§ **WORK REQUIRED**: Give again exactly the lines that stretch from the one with "From mathcomp Require" to the end of the data below, including both of those lines and nothing else.

Collected data entries

(* Let $\mathbf{F}$ be an $S$-sorted CCC freely generated by a family of morphisms $\{f_i\}_{i\in I}$, let $p:\mathbf{F}\to\mathbf{C}$ be a morphism of $S$-sorted CCCs, and let $D$ be a cartesian closed natural system on $\mathbf{C}$, regarded as a natural system on $\mathbf{F}$ via $p$. Let $\tilde C^0_{\mathrm{BW}}(\mathbf{F};D)$ be the subgroup of $\ker\big(\delta:C^1_{\mathrm{BW}}(\mathbf{F};D)\to C^2_{\mathrm{BW}}(\mathbf{F};D)\big)$ consisting of those $\phi$ with $\phi(f_i)=0$ for all $i\in I$. Then \[ \tilde C^0_{\mathrm{BW}}(\mathbf{F};D)\oplus\mathrm{Der}^{\mathbf{CCC}_S}(\mathbf{F};D)\cong\ker\big(\delta:C^1_{\mathrm{BW}}(\mathbf{F};D)\to C^2_{\mathrm{BW}}(\mathbf{F};D)\big). \]
   Context: $\mathsf{BiMag}_S$ is the set of formal expressions generated from the elements of $S$ and $1$ by $X\times Y$ and $Y^X$. An $S$-sorted CCC is a CCC with object set $\mathsf{BiMag}_S$ and a cartesian closed identity-on-objects functor $\iota$ from $\mathbf{CFam}_S$, the free CCC on object set $\mathsf{BiMag}_S$ with no generating morphisms (so projections $\pi_i$ and evaluations $\mathrm{ev}^Y_Z:Z^Y\times Y\to Z$ are specified); morphisms of $S$-sorted CCCs are functors $F$ with $F\circ\iota=\iota'$. The $S$-sorted CCC freely generated by $\{f_i:X_i\to Y_i\}$ has morphisms generated from the $f_i$, identities, $!_X$, $\pi_i$, $\mathrm{ev}$ by composition, pairing and currying $\lambda$ modulo the category, product and exponential laws. A natural system on a category is a functor $D$ from its category of factorizations (objects: morphisms $f$; morphisms $f\to g$: pairs $(a,b)$ with $bfa=g$) to $\mathbf{Ab}$; $D_f=D(f)$, $a_*=D(1,a):D_f\to D_{af}$, $a^*=D(a,1):D_g\to D_{ga}$; via $p$, $D$ gives the natural system $f\mapsto D_{p(f)}$ on $\mathbf{F}$. $D$ is cartesian if $D_f\to\prod_kD_{\pi_kf}$, $\xi\mapsto(\pi_{k*}\xi)$ is an isomorphism for every $f:X\to X_1\times\dots\times X_n$; cartesian closed if moreover for each $f:X\times Y\to Z$ the map $D_{\lambda f}\to D_f$, $\xi\mapsto\mathrm{ev}^Y_{Z*}\phi_{\lambda f}(\xi,0)$ is an isomorphism, where $\phi_g:D_g\times D_{\pi_2}\to D_{g\times1_Y}$ is $\pi_1^*\times1$ followed by the inverse of the cartesian isomorphism $D_{g\times1_Y}\to D_{g\pi_1}\times D_{\pi_2}$. $C^1_{\mathrm{BW}}(\mathbf{F};D)$ is the group of functions $\phi$ assigning to each morphism $\lambda$ of $\mathbf{F}$ an element $\phi(\lambda)\in D_\lambda$; $C^2_{\mathrm{BW}}$ assigns to each composable pair $(\lambda_1,\lambda_2)$ an element of $D_{\lambda_1\lambda_2}$, and $(\delta\phi)(\lambda_1,\lambda_2)=\lambda_{1*}\phi(\lambda_2)-\phi(\lambda_1\lambda_2)+\lambda_2^*\phi(\lambda_1)$. The trivial extension $D\rtimes\mathbf{C}$ has $\mathrm{Hom}(X,Y)=\coprod_{f:X\to Y}D_f$ with composition $\xi\circ\eta=f_*\eta+g^*\xi$, and is an $S$-sorted CCC with specified projections/evaluations the zero elements; $\mathrm{Der}^{\mathbf{CCC}_S}(\mathbf{F};D)$ is the group of morphisms $s:\mathbf{F}\to D\rtimes\mathbf{C}$ of $S$-sorted CCCs lifting $p$. *)

From HB Require Import structures.
From mathcomp Require Import all_boot all_algebra.
Set Implicit Arguments.
Unset Strict Implicit.
Unset Printing Implicit Defensive.
Import GRing.Theory.
Local Open Scope ring_scope.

§ **PROBLEM SOLUTION**:
From mathcomp Require Import all_boot all_algebra.
Set Implicit Arguments.
Unset Strict Implicit.
Unset Printing Implicit Defensive.
Import GRing.Theory.
Local Open Scope ring_scope.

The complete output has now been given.